Rating
Reviews and Comments
This is not a Jim Carrey film. This is a Peter Weir film. When encouraging my non-Carrey-fan friends to see the movie, this seems to be the point I make the most. This is about as far from Carrey's usual slapstick farces as you can get.
Director Peter Weir has crafted an intelligent, thought-provoking satire about the media and the unseemly extent to which it controls our lives. What we see, what we hear, even what we feel is, more than we'd like to think, a product of what the media feeds us for information. The Truman Show takes what is on the surface a preposterous situation but really a logical extension of the present undesirable situation, and it explores the kind of ramifications that situation has on both its allies and its victims. Yet this is also a comedy and a very well done one at that. Like all great narrative works, it can be experienced on different levels -- it can be enjoyed as a light and funny if bizarre comedy, and it can be scrutinized as a study of humanity, voyeurism, and the media. In fact, the insight of its statement on voyeurism recalls Rear Window, and the depth of its statement on the media recalls Network. While The Truman Show isn't as masterful as either of these two classics, I admire the ingeniousness with which director Peter Weir explores both subjects as one.

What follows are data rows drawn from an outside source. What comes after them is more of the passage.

(* Let $\mathbf{L}=(L,\le)$ be a nontrivial finite join-semilattice with greatest element $1$ satisfying property $( * )$, and let $(R,\vee,\circ)$ be a subsemiring of $(\mathrm{JM}_1(\mathbf{L}),\vee,\circ)$ such that $f_{a,b}\in R$ for all $a\in L\setminus\{1\}$, $b\in L$, and every $f\in R$ satisfies $f_{a,b}\le f$ for some $a\in L\setminus\{1\}$, $b\in L$. Then $(R,\vee)$ has a neutral element if and only if $1$ is join-irreducible and $\mathbf{L}$ is a lattice. If this neutral element exists, it is neither left nor right absorbing in $(R,\vee,\circ)$.
   Context: $\mathrm{JM}_1(\mathbf{L})$ is the set of maps $f:L\to L$ preserving binary joins with $f(1)=1$, a semiring under pointwise join and composition, ordered pointwise. $f_{a,b}(x)=b$ if $x\le a$ and $1$ otherwise. $\mathbf{L}$ satisfies $( * )$ if there exists $u\in L$ with $1\ne u\vee x$ for all $x\in L\setminus\{1\}$. $1$ is join-irreducible if $1\ne a\vee b$ for all $a,b\in L\setminus\{1\}$. A finite join-semilattice is a lattice iff it has a least element. An element $r$ is right absorbing if $s\circ r=r$ for all $s$, left absorbing if $r\circ s=r$ for all $s$. *)

From mathcomp Require Import all_boot all_order.
Set Implicit Arguments. Unset Strict Implicit. Unset Printing Implicit Defensive.
Import Order.Theory.
Local Open Scope order_scope.

Section Defs.
Context {d : Order.disp_t} (L : finTJoinSemilatticeType d).

Definition JM1 (f : {ffun L -> L}) : Prop :=
  (forall x y : L, f (x `|` y) = f x `|` f y) /\ f \top = \top.

Definition fjoin (f g : {ffun L -> L}) : {ffun L -> L} := [ffun x => f x `|` g x].
Definition fcomp (f g : {ffun L -> L}) : {ffun L -> L} := [ffun x => f (g x)].

Definition fle (f g : {ffun L -> L}) : Prop := forall x : L, f x <= g x.

Definition fab (a b : L) : {ffun L -> L} := [ffun x => if x <= a then b else \top].

Definition is_subsemiring (R : {set {ffun L -> L}}) : Prop :=
  (exists f, f \in R) /\
  (forall f, f \in R -> JM1 f) /\
  (forall f g, f \in R -> g \in R -> fjoin f g \in R) /\
  (forall f g, f \in R -> g \in R -> fcomp f g \in R).

Definition star_prop : Prop :=
  exists u : L, forall x : L, x != \top -> u `|` x != \top.

Definition top_join_irreducible : Prop :=
  forall a b : L, a != \top -> b != \top -> a `|` b != \top.

Definition is_lattice : Prop :=
  forall x y : L, exists m : L,
    [/\ m <= x, m <= y & forall z : L, z <= x -> z <= y -> z <= m].

Definition join_neutral (R : {set {ffun L -> L}}) (e : {ffun L -> L}) : Prop :=
  e \in R /\ forall f, f \in R -> fjoin e f = f /\ fjoin f e = f.

Definition right_absorbing (R : {set {ffun L -> L}}) (r : {ffun L -> L}) : Prop :=
  forall s, s \in R -> fcomp s r = r.
Definition left_absorbing (R : {set {ffun L -> L}}) (r : {ffun L -> L}) : Prop :=
  forall s, s \in R -> fcomp r s = r.
End Defs.

(* A join-neutral element [e] of [R] lies below every [f_{x,b}]; for [x <> 1] this forces
   [e x] to be a least element of [L], while [e 1 = 1].  So [L] has a bottom (hence is a
   lattice, being finite), and [1 = e (a \/ b) = e a \/ e b] is impossible for [a, b <> 1].
   Conversely, with a bottom [0] and [1] join-irreducible, the join [c] of all elements
   other than [1] is not [1], and [f_{c,0}] lies below every element of [R].  Finally the
   constant map [f_{a,1}] is in [R] and [e] is not constant, so [e] absorbs on neither side. *)
From mathcomp Require Import all_boot all_order.
Import Order.Theory.
Local Open Scope order_scope.

Section FiniteJoinSemilattice.
Context {d : Order.disp_t} {L : finTJoinSemilatticeType d}.

Lemma join_closed_has_max {P : pred L} {z : L} :
  P z -> (forall x y, P x -> P y -> P (x `|` y)) ->
  exists2 m, P m & forall w, P w -> w <= m.
Proof.
move=> Pz PU.
suff [m Pm mP] : exists2 m, P m & forall w, w \in enum L -> P w -> w <= m.
  by exists m => // w; apply: mP; rewrite mem_enum.
elim: (enum L) => [|w s [m Pm mP]]; first by exists z.
have [Pw | nPw] := boolP (P w); last first.
  by exists m => // v; rewrite inE => /orP[/eqP-> /(negP nPw) | /mP].
exists (m `|` w); first exact: PU.
move=> v; rewrite inE => /orP[/eqP-> _ | vs Pv]; first exact: leUr.
exact: le_trans (mP v vs Pv) (leUl _ _).
Qed.

Lemma lattice_of_bottom {z : L} : (forall b, z <= b) -> is_lattice L.
Proof.
move=> zle x y.
pose lbound w := (w <= x) && (w <= y).
have lbU u v : lbound u -> lbound v -> lbound (u `|` v).
  by move=> /andP[ux uy] /andP[vx vy]; rewrite /lbound !leUx ux uy vx vy.
have lbz : lbound z by rewrite /lbound !zle.
have [m /andP[mx my] mmax] := join_closed_has_max lbz lbU.
by exists m; split => // w wx wy; apply: mmax; rewrite /lbound wx wy.
Qed.

Lemma bottom_of_lattice : is_lattice L -> exists z : L, forall b, z <= b.
Proof.
move=> meet.
suff [z zle] : exists z : L, forall b, b \in enum L -> z <= b.
  by exists z => b; apply: zle; rewrite mem_enum.
elim: (enum L) => [|w s [m mle]]; first by exists \top.
have [m' [m'w m'm _]] := meet w m.
exists m' => v; rewrite inE => /orP[/eqP-> // | vs].
exact: le_trans m'm (mle v vs).
Qed.

Lemma coatom_of_top_join_irreducible {a : L} :
  a != \top -> top_join_irreducible L ->
  exists2 c : L, c != \top & forall w, w != \top -> w <= c.
Proof. exact: (join_closed_has_max (P := fun w => w != \top)). Qed.

End FiniteJoinSemilattice.

Section JoinNeutral.
Context {d : Order.disp_t} {L : finTJoinSemilatticeType d} {R : {set {ffun L -> L}}}.
Hypothesis R_JM1 : forall {f}, f \in R -> JM1 f.
Hypothesis fab_in_R : forall a b : L, a != \top -> fab a b \in R.

Lemma fab_le (a b x : L) : x <= a -> fab a b x = b.
Proof. by rewrite ffunE => ->. Qed.

Lemma fle_join_neutral {e f : {ffun L -> L}} : join_neutral R e -> f \in R -> fle e f.
Proof.
move=> [_ eneutral] fR x; have [/ffunP/(_ x) <- _] := eneutral f fR.
by rewrite ffunE leUl.
Qed.

Lemma join_neutral_of_fle (e : {ffun L -> L}) :
  e \in R -> (forall f, f \in R -> fle e f) -> join_neutral R e.
Proof.
move=> eR ele; split=> // f fR.
by split; apply/ffunP => x; rewrite ffunE; [apply: join_r | apply: join_l]; apply: ele.
Qed.

Lemma join_neutral_top {e : {ffun L -> L}} : join_neutral R e -> e \top = \top.
Proof. by case=> /R_JM1[]. Qed.

Lemma join_neutral_bottom {e : {ffun L -> L}} {x : L} (b : L) :
  join_neutral R e -> x != \top -> e x <= b.
Proof.
move=> ne x_top; have := fle_join_neutral ne (fab_in_R x b x_top) x.
by rewrite fab_le.
Qed.

Lemma join_neutral_below_top {e : {ffun L -> L}} {x a : L} :
  join_neutral R e -> a != \top -> x != \top -> e x != \top.
Proof.
move=> ne a_top x_top; apply: contraNneq a_top => ex_top.
by rewrite eq_le lex1 -ex_top join_neutral_bottom.
Qed.

Lemma join_neutral_top_join_irreducible {e : {ffun L -> L}} {a : L} :
  join_neutral R e -> a != \top -> top_join_irreducible L.
Proof.
move=> ne a_top x y x_top y_top; apply: contra_neq (join_neutral_below_top ne a_top x_top).
move=> xy_top; have [eU _] := R_JM1 ne.1.
rewrite -(join_neutral_top ne) -xy_top eU; apply/esym/join_l.
exact: join_neutral_bottom.
Qed.

Lemma join_neutral_lattice {e : {ffun L -> L}} {a : L} :
  join_neutral R e -> a != \top -> is_lattice L.
Proof. by move=> ne a_top; apply: lattice_of_bottom (fun b => join_neutral_bottom b ne a_top). Qed.

Lemma fab_coatom_join_neutral (c z : L) :
  c != \top -> (forall w, w != \top -> w <= c) -> (forall b, z <= b) ->
  join_neutral R (fab c z).
Proof.
move=> c_top below_c zle; apply: join_neutral_of_fle; first exact: fab_in_R.
move=> f fR x; have [x_top | /below_c xc] := eqVneq x \top; last by rewrite fab_le.
by rewrite x_top; have [_ ->] := R_JM1 fR; apply: lex1.
Qed.

Lemma join_neutral_not_absorbing {e : {ffun L -> L}} {a : L} :
  join_neutral R e -> a != \top -> ~ left_absorbing R e /\ ~ right_absorbing R e.
Proof.
move=> ne a_top.
have topR : fab a \top \in R by apply: fab_in_R.
have fab_top x : fab a \top x = \top by rewrite ffunE if_same.
have ea_top := join_neutral_below_top ne a_top a_top.
split=> absorbs; move: ea_top; have /ffunP/(_ a) := absorbs _ topR.
  by rewrite ffunE fab_top (join_neutral_top ne) => <-; rewrite eqxx.
by rewrite ffunE fab_top => <-; rewrite eqxx.
Qed.

End JoinNeutral.

Theorem proposition7p3 (d : Order.disp_t) (L : finTJoinSemilatticeType d)
    (R : {set {ffun L -> L}}) :
  (exists x : L, x != \top) ->
  star_prop L ->
  is_subsemiring R ->
  (forall a b : L, a != \top -> fab a b \in R) ->
  (forall f, f \in R -> exists a b : L, a != \top /\ fle (fab a b) f) ->
  ((exists e, join_neutral R e) <-> (top_join_irreducible L /\ is_lattice L)) /\
  (forall e, join_neutral R e -> ~ left_absorbing R e /\ ~ right_absorbing R e).
Proof.
move=> [a a_top] _ [_ [R_JM1 _]] fab_in_R _.
split; last by move=> e ne; exact: (join_neutral_not_absorbing R_JM1 fab_in_R ne a_top).
split=> [[e ne] | [irr lat]].
  split; first exact: (join_neutral_top_join_irreducible R_JM1 fab_in_R ne a_top).
  exact: (join_neutral_lattice fab_in_R ne a_top).
have [z zle] := bottom_of_lattice lat.
have [c c_top below_c] := coatom_of_top_join_irreducible a_top irr.
by exists (fab c z); apply: fab_coatom_join_neutral.
Qed.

If you are unaware of the basic premise of The Truman Show, do not read further, and don't read any other reviews or critiques or plot synopses about the movie either -- just go see it. The rest of the review discusses elements of the plot best discovered through the viewing of the film.
The premise of the movie is, as you know if you are still reading, that Truman Burbank lives in the largest television set ever constructed. Equipped with thousands of hidden cameras, Truman's life -- since birth and unbeknownst to him -- has been broadcast on an immensely popular 24-hour television program. His wife, his best friend, the people he meets on the street -- they're all actors, hired to play roles in his life. What kind of mentality does it take to make a life-long career of playing a role in someone's life that, to him, is real? We see glimpses of his hired wife's real personality, and the rigid professionalism with which she treats her work is discomforting at best. We don't see much of his best friend's life outside the show, but, in a particularly chilling moment where we realize where his "heartfelt" words of comfort come from, we are given enough to use our imaginations.
The director of the show is Ed Harris, who doesn't appear in the movie for quite some time, after we discover the secret of the film one step ahead of Truman (a step ahead so we know what to watch for in his character, but only one step ahead, so we experience the stunning realization ourselves, too). I appreciated how the director was portrayed -- not just by Harris' great performance, but by the aura of power the movie shrouds about him. When he first speaks to Truman, from the heights of the skies, and says, "I am the creator of a television show," I thought he lingered after the word "creator" as if he liked the way the sentence sounded had it ended there. Maybe I'm wrong, and my imagination sparked that interpretation -- but even then, I would credit the movie for inspiring it. Directors are, or at least would like to be, the masters of their domains. Harris' character had the largest domain of all: what was, for one person, the full extent of reality.
What seems a minor cosmetic element to the movie but which, in reality, adds a whole new dimension to it is the brief cuts from Truman to assorted members of his television audience. A crowd of people in a bar. A man in a bathtub. Two old ladies on a sofa. What was disconcerting to me, but which I realized with some delight made perfect sense, was the distanced way in which the viewers watched. It's their favorite show. They watch it constantly. But it's just a show. Although they know full well Truman isn't aware his life is being broadcast all over the country, they fail to understand the ramifications of what that means. It strengthens the movie's stance on the intrusiveness of the media. He shouldn't have married Meryl on the rebound, one viewer thinks, discussing an event in Truman's life as if it were a scripted event in a different show that didn't involve the manipulation of someone's real, actual life. After what is undoubtedly the single most momentual event in Truman's life transpires, one viewer mumbles something to another that, while funny, also betrays the sheer lack of human understanding of the show's viewers. They're pawns of the media, enjoying the show because it's on, and it has a neat "gimmick" that one of the cast members is real.
Yet, as I say, the intellectual content of The Truman Show is not on the surface but just beneath it. Like the best movies with substance, they can be viewed and enjoyed as pure entertainment -- in this case, a lighthearted, whimsical comedy with laughs and innovation twined as one. Watch it that way, and think about what the movie has to say afterward.